At Apple, we work every day to create products that enrich people's lives. Our Advertising Platforms group makes it possible for people around the world to easily access informative and imaginative content on their devices while helping publishers and developers promote and monetize their work.
Our technology and services power advertising in Apple News and Ads in the App Store. Our systems are highly-performant, deployed to handle high-volume events at scale, and set new standards for enabling effective advertising while protecting user privacy.
The Ad Platforms team is seeking a Senior Site Reliability Engineer for a great opportunity. Our mission is to enable Ad Platforms to deliver advertisements in a reliable and scalable way that results in awesome user experiences.
As a Site Reliability Engineer, you will be responsible for providing the platform for mission-critical ad-tech systems to maintain constant uptime, scale seamlessly, and allow for new applications and services to flourish.
The successful candidate will be highly self-motivated and passionate about excellence, quality, and detail. The SRE will not only support operations but also work closely with the developers and architects within the team to aid in the design and assist with the implementation to improve stability, security, and scalability.
Key Qualifications
5+ years managing clustered services, distributed systems, and production data stores
Expert understanding in Linux based systems and deep expertise in Hadoop/YARN/Spark based technologies
Hands-on experience with AWS/EMR, S3, Glue, Athena, and Kubernetes Infrastructure
Expertise in designing, implementing, and administering large Hadoop clusters and related Infrastructure such as Hive, Spark, HDFS, HBase, Oozie, Presto, Flume, Airflow and Zookeeper
Experience in managing the life cycle of data services from inception and design to deployment, operation, migration, administration, and sunsets
Experience in running Machine Learning pipelines (Training models, experimentation) and Jupyterhub/GPU compute/PyTorch Infrastructure
Cloudera CDH5/CDH6/CDP cluster management and prior capacity planning experience for large-scale multi-tenant clusters
Ability to code well in at least one language (Shell, Ruby, Python, Java, Perl)
Experience in setup/management of security infrastructure such as Kerberos
Good work attitude and tenacious troubleshooting/analytical skills
Multi-datacenter deployment / Disaster Recovery experience is a plus
Prior Advertising and related data pipeline (click stream, etc.) experience is a plus
Description
Design and implement scalable data platforms for our customer-facing services.
Monitor production, staging, test, and development environments for multiple teams in an agile/dynamic, fast-paced engineering organization.
Deploy and scale Hadoop infrastructure to support data pipeline and related services.

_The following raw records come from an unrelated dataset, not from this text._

(* Let $X$ be a random variable taking values in $\{0,1,2,\dots\}$ with finite mean, probability mass function $p_X$ and probability generating function $\Psi_X(t)=\mathrm{E}[t^X]$, $t\in[0,1]$, and suppose $X\in\Delta$. For $\mu>0$ set $D(t,\mu)=\Psi_X'(t)-\mu\Psi_X(t)$. For any natural number $k\ge 0$ let $f_k(\mu)=e^{-\mu}\left(1+\mu+\frac{\mu^2}{2!}+\dots+\frac{\mu^k}{k!}\right)$ and $$T^{(k)}=f_k(\mu)-p_X(0)\left(1+\mu+\dots+\frac{\mu^k}{k!}\right).$$ Then for any $\mu>0$ and any natural number $k$, $$\frac{1}{1+\mu+\dots+\frac{\mu^k}{k!}}\,|T^{(k)}|\le \int_0^1 |D(t,\mu)|\,dt\le e^{\mu}\,|T^{(k)}|.$$ In particular, for $k=0$, $$|e^{-\mu}-p_X(0)|\le \int_0^1|D(t,\mu)|\,dt\le e^{\mu}|e^{-\mu}-p_X(0)|.$$
   Context: $\Delta$ denotes the class of distributions of random variables $X$ with values in $\{0,1,2,\dots\}$ (with finite mean) such that, for every $\mu>0$, the function $t\mapsto D(t,\mu)=\Psi_X'(t)-\mu\Psi_X(t)$ is either nonnegative for all $t\in[0,1]$ or nonpositive for all $t\in[0,1]$, where $\Psi_X(t)=\mathrm{E}[t^X]$ is the probability generating function and $\Psi_X'$ its derivative. *)

From Stdlib Require Import Reals.
From Coquelicot Require Import Coquelicot.
Open Scope R_scope.

Definition is_pmf_finite_mean (p : nat -> R) : Prop :=
  (forall n, 0 <= p n) /\ is_series p 1 /\ ex_series (fun n => INR n * p n).

Definition pgf (p : nat -> R) (t : R) : R := Series (fun n => p n * t ^ n).

(* Its derivative on [0,1] (one-sided at t = 1), written as the termwise
   differentiated power series  sum_n (n+1) p(n+1) t^n  (= E[X t^(X-1)]). *)
Definition pgf' (p : nat -> R) (t : R) : R :=
  Series (fun n => INR (S n) * p (S n) * t ^ n).

Definition D_tmu (p : nat -> R) (t mu : R) : R := pgf' p t - mu * pgf p t.

Definition in_Delta (p : nat -> R) : Prop :=
  is_pmf_finite_mean p /\
  forall mu, 0 < mu ->
    (forall t, 0 <= t <= 1 -> 0 <= D_tmu p t mu) \/
    (forall t, 0 <= t <= 1 -> D_tmu p t mu <= 0).

Definition expsum (k : nat) (mu : R) : R :=
  sum_f_R0 (fun j => mu ^ j / INR (Factorial.fact j)) k.

Definition f_k (k : nat) (mu : R) : R := exp (- mu) * expsum k mu.

Definition T_k (p : nat -> R) (k : nat) (mu : R) : R :=
  f_k k mu - p 0%nat * expsum k mu.

From Stdlib Require Import Reals Lra Lia.
From Coquelicot Require Import Coquelicot.
Open Scope R_scope.

(* Since [d/dt (e^(-mu t) Psi(t)) = e^(-mu t) D(t, mu)], integrating over [0, 1]
   gives [int_0^1 e^(-mu t) D(t, mu) dt = e^(-mu) - p(0)], and [T^(k)] is this
   number times [1 + mu + ... + mu^k/k!].  As [D(., mu)] has constant sign on
   [0, 1] and [e^(-mu) <= e^(-mu t) <= 1] there, the weighted integral lies
   between [e^(-mu) int |D|] and [int |D|] in absolute value.  The series
   [Psi] and [Psi'] are handled through their partial sums, which converge
   uniformly on [0, 1] because the coefficients are nonnegative and summable. *)

Lemma pow_unit_interval (t : R) (n : nat) : 0 <= t <= 1 -> 0 <= t ^ n <= 1.
Proof.
  intros Ht. induction n as [|n IH]; simpl; [lra|].
  split; [apply Rmult_le_pos|]; nra.
Qed.

Lemma exp_le (x y : R) : x <= y -> exp x <= exp y.
Proof.
  intros [Hlt | ->]; [left; apply exp_increasing, Hlt | apply Rle_refl].
Qed.

Lemma is_lim_seq_sum_f_R0 (a : nat -> R) (l : R) :
  is_series a l -> is_lim_seq (sum_f_R0 a) l.
Proof.
  intros Ha. apply (is_lim_seq_ext (sum_n a)); [|exact Ha].
  intros n. apply sum_n_Reals.
Qed.

Lemma is_lim_seq_Series_tail (a : nat -> R) :
  ex_series a -> is_lim_seq (fun N => Series a - sum_f_R0 a N) 0.
Proof.
  intros Ha.
  assert (Hlim := is_lim_seq_minus' _ _ _ _ (is_lim_seq_const (Series a))
                    (is_lim_seq_sum_f_R0 a _ (Series_correct a Ha))).
  now rewrite Rminus_diag in Hlim.
Qed.

Lemma Rabs_Series_tail_le (u c : nat -> R) (N : nat) :
  ex_series c -> (forall n, Rabs (u n) <= c n) ->
  Rabs (Series u - sum_f_R0 u N) <= Series c - sum_f_R0 c N.
Proof.
  intros Hc Hu.
  assert (Hu_ex : ex_series u) by exact (ex_series_le u c Hu Hc).
  assert (Hc_tail : ex_series (fun k => c (S N + k)%nat))
    by (apply ex_series_incr_n; exact Hc).
  rewrite (Series_incr_n u (S N)), (Series_incr_n c (S N)) by (lia || assumption).
  simpl Init.Nat.pred.
  replace (sum_f_R0 u N + Series (fun k => u (S N + k)%nat) - sum_f_R0 u N)
    with (Series (fun k => u (S N + k)%nat)) by ring.
  replace (sum_f_R0 c N + Series (fun k => c (S N + k)%nat) - sum_f_R0 c N)
    with (Series (fun k => c (S N + k)%nat)) by ring.
  assert (Habs_ex : ex_series (fun k => Rabs (u (S N + k)%nat))).
  { apply (@ex_series_le R_AbsRing R_CompleteNormedModule _ (fun k => c (S N + k)%nat)); [|exact Hc_tail].
    intros n. change (Rabs (Rabs (u (S N + n)%nat)) <= c (S N + n)%nat).
    rewrite Rabs_Rabsolu. apply Hu. }
  eapply Rle_trans; [apply Series_Rabs, Habs_ex|].
  apply Series_le; [|exact Hc_tail].
  intros n. split; [apply Rabs_pos | apply Hu].
Qed.

Lemma Series_pow_tail_le (a : nat -> R) (t : R) (N : nat) :
  (forall n, 0 <= a n) -> ex_series a -> 0 <= t <= 1 ->
  Rabs (Series (fun n => a n * t ^ n) - sum_f_R0 (fun n => a n * t ^ n) N)
    <= Series a - sum_f_R0 a N.
Proof.
  intros Ha0 Ha Ht. apply Rabs_Series_tail_le; [exact Ha|].
  intros n. destruct (pow_unit_interval t n Ht). specialize (Ha0 n).
  rewrite Rabs_mult, Rabs_pos_eq, (Rabs_pos_eq (t ^ n)) by assumption. nra.
Qed.

Lemma sum_pow_at0 (a : nat -> R) (N : nat) :
  sum_f_R0 (fun n => a n * 0 ^ n) N = a 0%nat.
Proof.
  induction N as [|N IH]; simpl; [ring|].
  rewrite IH. ring.
Qed.

Lemma ex_derive_sum_pow (a : nat -> R) (N : nat) (t : R) :
  ex_derive (fun t => sum_f_R0 (fun n => a n * t ^ n) N) t.
Proof.
  induction N as [|N IH]; simpl.
  - auto_derive; auto.
  - apply (ex_derive_plus (fun t => sum_f_R0 (fun n => a n * t ^ n) N)
                          (fun t => a (S N) * (t * t ^ N))); [exact IH|].
    auto_derive; auto.
Qed.

Lemma is_derive_sum_pow (a : nat -> R) (N : nat) (t : R) :
  is_derive (fun t => sum_f_R0 (fun n => a n * t ^ n) (S N)) t
    (sum_f_R0 (fun n => INR (S n) * a (S n) * t ^ n) N).
Proof.
  induction N as [|N IH].
  - simpl. auto_derive; auto. ring.
  - apply (is_derive_plus (fun t => sum_f_R0 (fun n => a n * t ^ n) (S N))
                          (fun t => a (S (S N)) * t ^ (S (S N)))); [exact IH|].
    auto_derive; auto. simpl. ring.
Qed.

(* Coquelicot only integrates limits that are uniform on all of [R], so the
   functions are first composed with the retraction of [R] onto [[a, b]]. *)
Lemma is_RInt_uniform_limit (f : nat -> R -> R) (g : R -> R) (eps I : nat -> R)
    (a b : R) :
  a <= b ->
  (forall N t, a <= t <= b -> Rabs (f N t - g t) <= eps N) ->
  is_lim_seq eps 0 ->
  (forall N, is_RInt (f N) a b (I N)) ->
  exists l : R, is_lim_seq I l /\ is_RInt g a b l.
Proof.
  intros Hab Hfg Heps HI.
  set (r := fun t => Rmax a (Rmin b t)).
  assert (Hr_in : forall t, a <= r t <= b).
  { intros t. unfold r. split; [apply Rmax_l|].
    apply Rmax_lub; [exact Hab | apply Rmin_l]. }
  assert (Hr_id : forall t, Rmin a b < t < Rmax a b -> r t = t).
  { intros t. rewrite Rmin_left, Rmax_right by exact Hab. intros Ht.
    unfold r. rewrite Rmin_right, Rmax_right by lra. reflexivity. }
  destruct (filterlim_RInt (fun N t => f N (r t)) a b eventually eventually_filter
              (fun t => g (r t)) I) as [l [Hl Hgl]].
  - intros N. apply (is_RInt_ext (f N)); [|apply HI].
    intros t Ht. now rewrite Hr_id.
  - intros P [e HP]. destruct (proj2 (is_lim_seq_spec eps 0) Heps e) as [N0 HN0].
    exists N0. intros N HN. apply HP. intros t.
    change (Rabs (f N (r t) - g (r t)) < e).
    specialize (HN0 N HN). rewrite Rminus_0_r in HN0.
    eapply Rle_lt_trans; [apply Hfg, Hr_in|].
    eapply Rle_lt_trans; [apply Rle_abs | exact HN0].
  - exists l. split; [exact Hl|].
    apply (is_RInt_ext (fun t => g (r t))); [|exact Hgl].
    intros t Ht. now rewrite Hr_id.
Qed.

Section PartialSums.

Variables (p : nat -> R) (mu : R).
Hypothesis p_ge0 : forall n, 0 <= p n.
Hypothesis p_sum1 : is_series p 1.
Hypothesis mean_finite : ex_series (fun n => INR n * p n).
Hypothesis mu_ge0 : 0 <= mu.

Definition pgf_partial (N : nat) (t : R) : R :=
  sum_f_R0 (fun n => p n * t ^ n) (S N).

Definition D_partial (N : nat) (t : R) : R :=
  sum_f_R0 (fun n => INR (S n) * p (S n) * t ^ n) N - mu * pgf_partial N t.

Let b (n : nat) : R := INR (S n) * p (S n).

Lemma ex_series_b : ex_series b.
Proof. exact (proj1 (ex_series_incr_1 (fun n => INR n * p n)) mean_finite). Qed.

Definition D_partial_err (N : nat) : R :=
  (Series b - sum_f_R0 b N) + mu * (1 - sum_f_R0 p (S N)).

Lemma D_partial_uniform (N : nat) (t : R) : 0 <= t <= 1 ->
  Rabs (D_partial N t - D_tmu p t mu) <= D_partial_err N.
Proof.
  intros Ht.
  assert (b_ge0 : forall n, 0 <= b n)
    by (intros n; apply Rmult_le_pos; [apply pos_INR | apply p_ge0]).
  assert (Hb := Series_pow_tail_le b t N b_ge0 ex_series_b Ht).
  assert (Hp := Series_pow_tail_le p t (S N) p_ge0 (ex_intro _ 1 p_sum1) Ht).
  rewrite (is_series_unique p 1 p_sum1) in Hp.
  unfold D_partial, D_partial_err, pgf_partial, D_tmu, pgf', pgf.
  fold b. change (fun n => INR (S n) * p (S n) * t ^ n) with (fun n => b n * t ^ n).
  set (eb := Series (fun n => b n * t ^ n) - sum_f_R0 (fun n => b n * t ^ n) N) in *.
  set (ep := Series (fun n => p n * t ^ n) - sum_f_R0 (fun n => p n * t ^ n) (S N)) in *.
  replace (_ - _ - _) with (- eb + mu * ep) by (unfold eb, ep; ring).
  eapply Rle_trans; [apply Rabs_triang|].
  rewrite Rabs_Ropp, Rabs_mult, (Rabs_pos_eq mu) by exact mu_ge0.
  apply Rplus_le_compat; [exact Hb | apply Rmult_le_compat_l; assumption].
Qed.

Lemma D_partial_err_lim : is_lim_seq D_partial_err 0.
Proof.
  assert (Hp_tail := is_lim_seq_Series_tail p (ex_intro _ 1 p_sum1)).
  rewrite (is_series_unique p 1 p_sum1) in Hp_tail.
  apply is_lim_seq_incr_1 in Hp_tail.
  assert (Hlim := is_lim_seq_plus' _ _ _ _ (is_lim_seq_Series_tail b ex_series_b)
                    (is_lim_seq_scal_l _ mu _ Hp_tail)).
  now rewrite Rmult_0_r, Rplus_0_r in Hlim.
Qed.

Lemma ex_derive_D_partial (N : nat) (t : R) : ex_derive (D_partial N) t.
Proof.
  apply (ex_derive_minus (fun t => sum_f_R0 (fun n => INR (S n) * p (S n) * t ^ n) N)
                         (fun t => mu * pgf_partial N t)).
  - apply ex_derive_sum_pow.
  - apply ex_derive_scal, ex_derive_sum_pow.
Qed.

Lemma ex_RInt_D_tmu : ex_RInt (fun t => D_tmu p t mu) 0 1.
Proof.
  destruct (is_RInt_uniform_limit D_partial (fun t => D_tmu p t mu) D_partial_err
              (fun N => RInt (D_partial N) 0 1) 0 1 Rle_0_1 D_partial_uniform
              D_partial_err_lim) as [l [_ Hl]].
  - intros N. apply (@RInt_correct R_CompleteNormedModule).
    apply (@ex_RInt_continuous R_CompleteNormedModule).
    intros t _. apply (@ex_derive_continuous R_AbsRing R_NormedModule), ex_derive_D_partial.
  - exists l. exact Hl.
Qed.

Lemma is_RInt_exp_D_partial (N : nat) :
  is_RInt (fun t => exp (- mu * t) * D_partial N t) 0 1
    (exp (- mu) * sum_f_R0 p (S N) - p 0%nat).
Proof.
  set (F := fun t => exp (- mu * t) * pgf_partial N t).
  assert (HF : forall t, is_derive F t (exp (- mu * t) * D_partial N t)).
  { intros t.
    assert (He : is_derive (fun t => exp (- mu * t)) t (- mu * exp (- mu * t)))
      by (auto_derive; auto; ring).
    replace (exp (- mu * t) * D_partial N t) with
      (plus (mult (- mu * exp (- mu * t)) (pgf_partial N t))
            (mult (exp (- mu * t)) (sum_f_R0 (fun n => INR (S n) * p (S n) * t ^ n) N)))
      by (unfold D_partial, plus, mult; simpl; ring).
    exact (is_derive_mult _ _ t _ _ He (is_derive_sum_pow p N t) (fun x y => Rmult_comm x y)). }
  replace (exp (- mu) * sum_f_R0 p (S N) - p 0%nat) with (minus (F 1) (F 0)).
  - apply (@is_RInt_derive R_CompleteNormedModule); [intros t _; apply HF|].
    intros t _. apply (@ex_derive_continuous R_AbsRing R_NormedModule).
    apply ex_derive_mult; [auto_derive; auto | apply ex_derive_D_partial].
  - unfold F, pgf_partial. cbv beta.
    rewrite Rmult_1_r, Rmult_0_r, exp_0, sum_pow_at0.
    rewrite (sum_eq _ p) by (intros n _; rewrite pow1; ring).
    unfold minus, plus, opp; simpl. ring.
Qed.

Lemma is_RInt_exp_D_tmu :
  is_RInt (fun t => exp (- mu * t) * D_tmu p t mu) 0 1 (exp (- mu) - p 0%nat).
Proof.
  destruct (is_RInt_uniform_limit (fun N t => exp (- mu * t) * D_partial N t)
              (fun t => exp (- mu * t) * D_tmu p t mu) D_partial_err
              (fun N => exp (- mu) * sum_f_R0 p (S N) - p 0%nat) 0 1 Rle_0_1)
    as [l [Hl HRInt]].
  - intros N t Ht.
    assert (Hexp : exp (- mu * t) <= 1) by (rewrite <- exp_0; apply exp_le; nra).
    rewrite <- Rmult_minus_distr_l, Rabs_mult, (Rabs_pos_eq (exp _))
      by (left; apply exp_pos).
    apply (Rle_trans _ (1 * Rabs (D_partial N t - D_tmu p t mu))).
    + apply Rmult_le_compat_r; [apply Rabs_pos | exact Hexp].
    + rewrite Rmult_1_l. apply D_partial_uniform, Ht.
  - exact D_partial_err_lim.
  - exact is_RInt_exp_D_partial.
  - assert (Hsum := is_lim_seq_sum_f_R0 p 1 p_sum1).
    apply is_lim_seq_incr_1 in Hsum.
    assert (Hlim := is_lim_seq_minus' _ _ _ _ (is_lim_seq_scal_l _ (exp (- mu)) _ Hsum)
                      (is_lim_seq_const (p 0%nat))).
    rewrite Rmult_1_r in Hlim.
    apply is_lim_seq_unique in Hl, Hlim. rewrite Hl in Hlim.
    injection Hlim as ->. exact HRInt.
Qed.

End PartialSums.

Build infrastructure capabilities to improve the resiliency and efficiency of the systems and services at scale.
Drive data infrastructure/pipeline, services, and upgrade/migration projects from start to finish.
Support in Hadoop / HDFS infrastructure day-today operations, administration, and maintenance.
Data cluster monitoring and troubleshooting.
Capacity planning, management, and troubleshooting for HDFS, YARN/MapReduce, and Spark workloads.
Participate in rotational on-call schedule.
Partner with program management, network engineering, and other cross-functional teams on larger initiatives.
Work simultaneously on multiple projects competing for your time and understand how to prioritize them accordingly.
Education & Experience
BS/MS in computer science or equivalent field.